Jordi Sabatés y Segundo de Chomón: dos mundos mágicos unidos por la música

Javier Mateo Hidalgo

El mundo del cine celebraba el pasado 17 de octubre una de sus efemérides más reseñables: los 150 años del nacimiento del turolense más universal, Segundo de Chomón. No se trata de la fecha natal de una figura más en la historia del séptimo arte, sino de una de sus piedras fundacionales. Chomón fue uno de los inventores de la técnica y el lenguaje fílmicos y, aunque muchos profesionales de este campo aún no lo sepan, sin él una parte fundamental de su trabajo no podría desarrollarse. Suyos son muchos de los trucajes que hoy se emplean a través de la cámara y el montaje, como el stop motion o el travelling; igualmente, su imaginación permitió el desarrollo del argumento de ficción cuando apenas existía.

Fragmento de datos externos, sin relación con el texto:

(* Let $V$ be an $n$-dimensional vector space over a field of characteristic zero, $n\neq 4$, and let $A^{ab}$ and $B_{ab}$ be 2-forms with $\operatorname{rank}A\leq 4$. Let $T=T^a{}_b\{A,B\}=A^{ac}B_{bc}-\frac14 A^{cd}B_{cd}\delta^a_b$. Then $$\Bigl(T^2-\frac14[T^2]+\frac{1}{4(n-4)}[T]^2\Bigr)\Bigl(T-\frac{1}{n-4}[T]\Bigr)=0.$$
   Context: Index-free notation for $(1,1)$-tensors: products denote composition, $[X]=X^c{}_c$ is the trace, and a scalar term is understood as multiplied by the identity $\delta^a_b$. The rank of a 2-form $A^{ab}$ is the dimension of the subspace spanned by the vectors $A^{ab}\omega_b$ as $\omega$ ranges over the dual space (equivalently the least number of linearly independent vectors needed to construct $A$). No metric is assumed. *)

From HB Require Import structures.
From mathcomp Require Import all_boot all_order all_algebra.
Set Implicit Arguments. Unset Strict Implicit. Unset Printing Implicit Defensive.
Import GRing.Theory.
Local Open Scope ring_scope.

(* V = F^n with a fixed basis; a (1,1)-tensor X^a_b is a matrix X a b
   (row a = upper index, column b = lower index); composition is *m,
   trace is \tr, a scalar s stands for s%:M (s times delta^a_b).
   A 2-form A^{ab} (contravariant) is a matrix A with A^T = -A; likewise
   B_{ab} (covariant). *)

Definition antisym (F : fieldType) (n : nat) (A : 'M[F]_n) : Prop := A^T = - A.

Definition contr2 (F : fieldType) (n : nat) (A B : 'M[F]_n) : F :=
  \sum_(c < n) \sum_(d < n) A c d * B c d.

Definition tensorT (F : fieldType) (n : nat) (A B : 'M[F]_n) : 'M[F]_n :=
  \matrix_(a < n, b < n) (\sum_(c < n) A a c * B b c)
  - (4%:R^-1 * contr2 A B)%:M.

From HB Require Import structures.
From mathcomp Require Import all_boot all_order all_algebra ring.
Set Implicit Arguments.
Unset Strict Implicit.
Unset Printing Implicit Defensive.

(* A 2-form of rank at most 4 factors as A = Y^T S Y with S an alternating
   4x4 matrix, so M := A B^T = Y^T W with W Y^T = S N, where N := Y B^T Y^T is
   alternating as well.  The product P of two alternating 4x4 matrices has its
   eigenvalues in pairs, so it satisfies 8 P^2 - 4 [P] P + ([P]^2 - 2 [P^2]) = 0
   (checked by expansion).  Since [Y^T W] = [W Y^T] and likewise for squares,
   multiplying by Y^T on the left and W on the right gives the cubic
   8 M^3 - 4 [M] M^2 + ([M]^2 - 2 [M^2]) M = 0.  Finally T = M - [M]/4, and for
   n <> 4 one has T - [T]/(n-4) = M, while the first factor of the claimed
   identity reduces to M^2 - [M] M/2 + ([M]^2 - 2 [M^2])/8: the product is the
   cubic divided by 8. *)

Import GRing.Theory.
Local Open Scope ring_scope.

Lemma ord4P (i : 'I_4) : [\/ i = 0, i = 1, i = 2 | i = 3].
Proof.
by case: i => -[|[|[|[|//]]]] ?; [constructor 1 | constructor 2 | constructor 3 | constructor 4];
  apply: val_inj.
Qed.

Lemma sum_ord4 (V : nmodType) (F : 'I_4 -> V) : \sum_i F i = F 0 + F 1 + F 2 + F 3.
Proof.
by rewrite !big_ord_recr big_ord0 /= add0r; congr (F _ + F _ + F _ + F _); apply: val_inj.
Qed.

Section AlternatingFour.
Variable R : comNzRingType.

Definition skew4 (a b c d e f : R) : 'M[R]_4 := \matrix_(i, j)
  nth 0 (nth [::] [:: [:: 0; a; b; c]; [:: -a; 0; d; e];
                      [:: -b; -d; 0; f]; [:: -c; -e; -f; 0]] i) j.

Lemma alternating4E (S : 'M[R]_4) : S^T = - S -> (forall i, S i i = 0) ->
  S = skew4 (S 0 1) (S 0 2) (S 0 3) (S 1 2) (S 1 3) (S 2 3).
Proof.
move=> skS diagS; have antiS i j : S j i = - S i j.
  by have := congr1 (fun X : 'M_4 => X i j) skS; rewrite !mxE.
by apply/matrixP => i j; case: (ord4P i) => ->; case: (ord4P j) => ->;
  rewrite mxE /= ?diagS // antiS.
Qed.

Lemma skew4_mul_quadratic (a b c d e f a' b' c' d' e' f' : R) :
  let P := skew4 a b c d e f *m skew4 a' b' c' d' e' f' in
  8%:R *: (P *m P) - (4%:R * \tr P) *: P + (\tr P ^+ 2 - 2%:R * \tr (P *m P))%:M = 0.
Proof.
move=> P; apply/matrixP => i j.
rewrite /mxtrace; do 3 rewrite !mxE !sum_ord4; rewrite !mxE.
by case: (ord4P i) => ->; case: (ord4P j) => ->; rewrite /=; ring.
Qed.

Lemma alternating4_mul_quadratic (S N : 'M[R]_4) :
  S^T = - S -> (forall i, S i i = 0) -> N^T = - N -> (forall i, N i i = 0) ->
  let P := S *m N in
  8%:R *: (P *m P) - (4%:R * \tr P) *: P + (\tr P ^+ 2 - 2%:R * \tr (P *m P))%:M = 0.
Proof.
by move=> skS diagS skN diagN; rewrite (alternating4E skS diagS) (alternating4E skN diagN);
  apply: skew4_mul_quadratic.
Qed.

End AlternatingFour.

Lemma antisym_diag0 (F : fieldType) n (S : 'M[F]_n) :
  2%:R != 0 :> F -> S^T = - S -> forall i, S i i = 0.
Proof.
move=> two_neq0 skS i; have := congr1 (fun X : 'M_n => X i i) skS; rewrite !mxE.
move/eqP; rewrite -addr_eq0 -mulr2n -mulr_natr mulf_eq0 (negbTE two_neq0) orbF.
by move/eqP.
Qed.

Lemma pchar0_eqr_nat (F : idomainType) m n :
  [pchar F] =i pred0 -> (m%:R == n%:R :> F) = (m == n).
Proof.
move=> char0; wlog le_nm : m n / (n <= m)%N.
  move=> wlog_le; case: (leqP n m) => [/wlog_le //|/ltnW /wlog_le].
  by rewrite eq_sym => ->; rewrite eq_sym.
by rewrite -subr_eq0 -natrB // (pcharf0P F).1 // subn_eq0 eqn_leq le_nm andbT.
Qed.

Section AntisymFactor.
Variable F : fieldType.

Lemma rank_le_submx m n r (A : 'M[F]_(m, n)) :
  (\rank A <= r)%N -> exists Y : 'M_(r, n), (A <= Y)%MS.
Proof.
move=> rkA; exists (pid_mx r *m row_ebase A).
rewrite -[X in (X <= _)%MS]mulmx_ebase.
have -> : pid_mx (\rank A) = (pid_mx (\rank A) : 'M[F]_(m, r)) *m pid_mx r :> 'M_(m, n).
  by rewrite mul_pid_mx [minn (\rank A) r]minnC !(minn_idPr rkA).
by rewrite !mulmxA -mulmxA submxMl.
Qed.

Lemma antisym_submx_congr n r (A : 'M[F]_n) (Y : 'M_(r, n)) :
  A^T = - A -> (A <= Y)%MS -> exists D, A = Y^T *m D *m Y.
Proof.
move=> skA sAY; exists (- (A *m pinvmx Y)^T *m pinvmx Y).
rewrite mulNmx mulmxN mulNmx mulmxA -trmx_mul (mulmxKpV sAY) skA.
by rewrite !mulNmx opprK mulmxKpV.
Qed.

Lemma antisym_factor n r (A : 'M[F]_n) :
  2%:R != 0 :> F -> A^T = - A -> (\rank A <= r)%N ->
  exists Y : 'M_(r, n), exists2 S : 'M_r, S^T = - S & A = Y^T *m S *m Y.
Proof.
move=> two_neq0 skA /rank_le_submx[Y /(antisym_submx_congr skA)[D eA]].
exists Y, (2%:R^-1 *: (D - D^T)).
  by rewrite linearZ /= linearB /= trmxK -scalerN opprB.
have eAT : Y^T *m D^T *m Y = - A by rewrite -skA eA !trmx_mul trmxK mulmxA.
rewrite -scalemxAr -scalemxAl mulmxBr mulmxBl -eA eAT opprK.
by rewrite -mulr2n -scaler_nat scalerA mulVf // scale1r.
Qed.

End AntisymFactor.

Lemma mulmx_swap_quadratic (R : comPzRingType) m n (X : 'M[R]_(m, n)) (Z : 'M_(n, m))
    (a b c : R) :
  let P := Z *m X in let M := X *m Z in
  a *: (P *m P) - b *: P + c%:M = 0 ->
  a *: (M *m M *m M) - b *: (M *m M) + c *: M = 0.
Proof.
move=> P M quadP.
have -> : a *: (M *m M *m M) - b *: (M *m M) + c *: M
          = X *m (a *: (P *m P) - b *: P + c%:M) *m Z.
  rewrite mulmxDr mulmxBr mulmxDl mulmxBl mul_mx_scalar -!scalemxAr -!scalemxAl.
  by rewrite /M /P !mulmxA.
by rewrite quadP mulmx0 mul0mx.
Qed.

Lemma antisym_rank4_cubic (F : fieldType) n (A B : 'M[F]_n) :
  2%:R != 0 :> F -> A^T = - A -> B^T = - B -> (\rank A <= 4)%N ->
  let M := A *m B^T in
  8%:R *: (M *m M *m M) - (4%:R * \tr M) *: (M *m M)
    + (\tr M ^+ 2 - 2%:R * \tr (M *m M)) *: M = 0.
Proof.
move=> two_neq0 skA skB /(antisym_factor two_neq0 skA)[Y [S skS eA]] M.
pose N := Y *m B^T *m Y^T; pose W := S *m Y *m B^T.
have skN : N^T = - N by rewrite /N !trmx_mul !trmxK skB !mulmxN !mulNmx opprK mulmxA.
have eM : M = Y^T *m W by rewrite /M eA !mulmxA.
have trM : \tr (W *m Y^T) = \tr M by rewrite eM mxtrace_mulC.
have trM2 : \tr (W *m Y^T *m (W *m Y^T)) = \tr (M *m M).
  by rewrite eM !mulmxA mxtrace_mulC !mulmxA.
have := alternating4_mul_quadratic skS (antisym_diag0 two_neq0 skS)
  skN (antisym_diag0 two_neq0 skN).
rewrite /= (_ : S *m N = W *m Y^T) ?trM ?trM2; last by rewrite /N !mulmxA.
by move=> /mulmx_swap_quadratic; rewrite -eM.
Qed.

Lemma tensorTE (F : fieldType) n (A B : 'M[F]_n) :
  tensorT A B = A *m B^T - (4%:R^-1 * \tr (A *m B^T))%:M.
Proof.
rewrite /tensorT /contr2 /mxtrace; congr (_ - (_ * _)%:M).
  by apply/matrixP => a b; rewrite !mxE; apply: eq_bigr => c _; rewrite mxE.
by apply: eq_bigr => c _; rewrite mxE; apply: eq_bigr => d _; rewrite mxE.
Qed.

Lemma shifted_cubic_factor (F : fieldType) m (M : 'M[F]_m) :
  let k : F := m%:R - 4%:R in
  2%:R != 0 :> F -> k != 0 ->
  8%:R *: (M *m M *m M) - (4%:R * \tr M) *: (M *m M)
    + (\tr M ^+ 2 - 2%:R * \tr (M *m M)) *: M = 0 ->
  let T := M - (4%:R^-1 * \tr M)%:M in
  (T *m T - (4%:R^-1 * \tr (T *m T))%:M + ((4%:R * k)^-1 * \tr T ^+ 2)%:M)
    *m (T - (k^-1 * \tr T)%:M) = 0.
Proof.
move=> k two_neq0 k_neq0 cubicM T.
have four_neq0 : 4%:R != 0 :> F by rewrite (natrM _ 2 2) mulf_neq0.
have eight_neq0 : 8%:R != 0 :> F by rewrite (natrM _ 2 4) mulf_neq0.
pose a := 4%:R^-1 * \tr M.
have trT : \tr T = - (k * a).
  by rewrite /T raddfB /= mxtrace_scalar -[_ *+ _]mulr_natr /k /a; field.
have shiftT : T - (k^-1 * \tr T)%:M = M.
  by rewrite trT mulrN mulKf // raddfN /= opprK subrK.
have TT : T *m T = M *m M - (2%:R * a) *: M + (a ^+ 2)%:M.
  rewrite /T mulmxBl !mulmxBr mul_mx_scalar mul_scalar_mx -scalar_mxM.
  by apply/matrixP => i j; rewrite !mxE /a; ring.
have trTT : \tr (T *m T) = \tr (M *m M) - 2%:R * a * \tr M + a ^+ 2 * m%:R.
  by rewrite TT raddfD raddfB /= mxtrace_scalar mxtraceZ mulr_natr mulrA.
rewrite shiftT trTT trT TT !(mulmxDl, mulNmx, mul_scalar_mx) -scalemxAl.
rewrite -[RHS](scaler0 _ 8%:R^-1) -cubicM.
apply/matrixP => i j; rewrite !mxE /a /k; field.
by rewrite eight_neq0 four_neq0.
Qed.

Theorem theorem5 (F : fieldType) (n : nat) (A B : 'M[F]_n) :
  [pchar F] =i pred0 ->
  n <> 4%N ->
  antisym A -> antisym B ->
  (\rank A <= 4)%N ->
  let T := tensorT A B in
  let k : F := n%:R - 4%:R in
  (T *m T - (4%:R^-1 * \tr (T *m T))%:M + ((4%:R * k)^-1 * \tr T ^+ 2)%:M)
    *m (T - (k^-1 * \tr T)%:M) = 0.
Proof.
move=> char0 n_neq4 skA skB rkA T k.
have two_neq0 : 2%:R != 0 :> F by rewrite ((pcharf0P F).1 char0).
have k_neq0 : k != 0 by rewrite subr_eq0 pchar0_eqr_nat //; apply/eqP.
rewrite /T tensorTE; apply: shifted_cubic_factor => //.
exact: antisym_rank4_cubic.
Qed.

Tan sólo Méliès le llevó la delantera, pero incluso de éste mejoró la capacidad de relatar a través de imágenes en movimiento. Ante tamañas razones, cabe preguntarse por qué la propia historia ha sido tan injusta con su valía y aportaciones. Sólo algunos estudiosos han tratado de recuperar su legado a lo largo de este tiempo. Sirvan de ejemplo nombres como los de Carlos Fernández Cuenca, Juan Gabriel Tharrats, Pascual Cebollada, Joan M. Minguet, Agustín Sánchez Vidal, Rosa Delgado Leyva o Adrián Encinas. Progresivamente se ha ido recuperando gran parte de su filmografía y se han realizado ediciones selectas de su cine en Dvd como la de Cameo. Incluso, hace unos años, se produjo un falso e interesante documental dirigido por Ramón Alòs Sánchez, El hombre que quiso ser Segundo, con un genial Ramón Langa que lo mismo se mete en la piel de Chomón que en la de Blasco Ibáñez. No obstante, aún queda mucho por hacer, aunque lo que se haya venido haciendo no haya sido poco.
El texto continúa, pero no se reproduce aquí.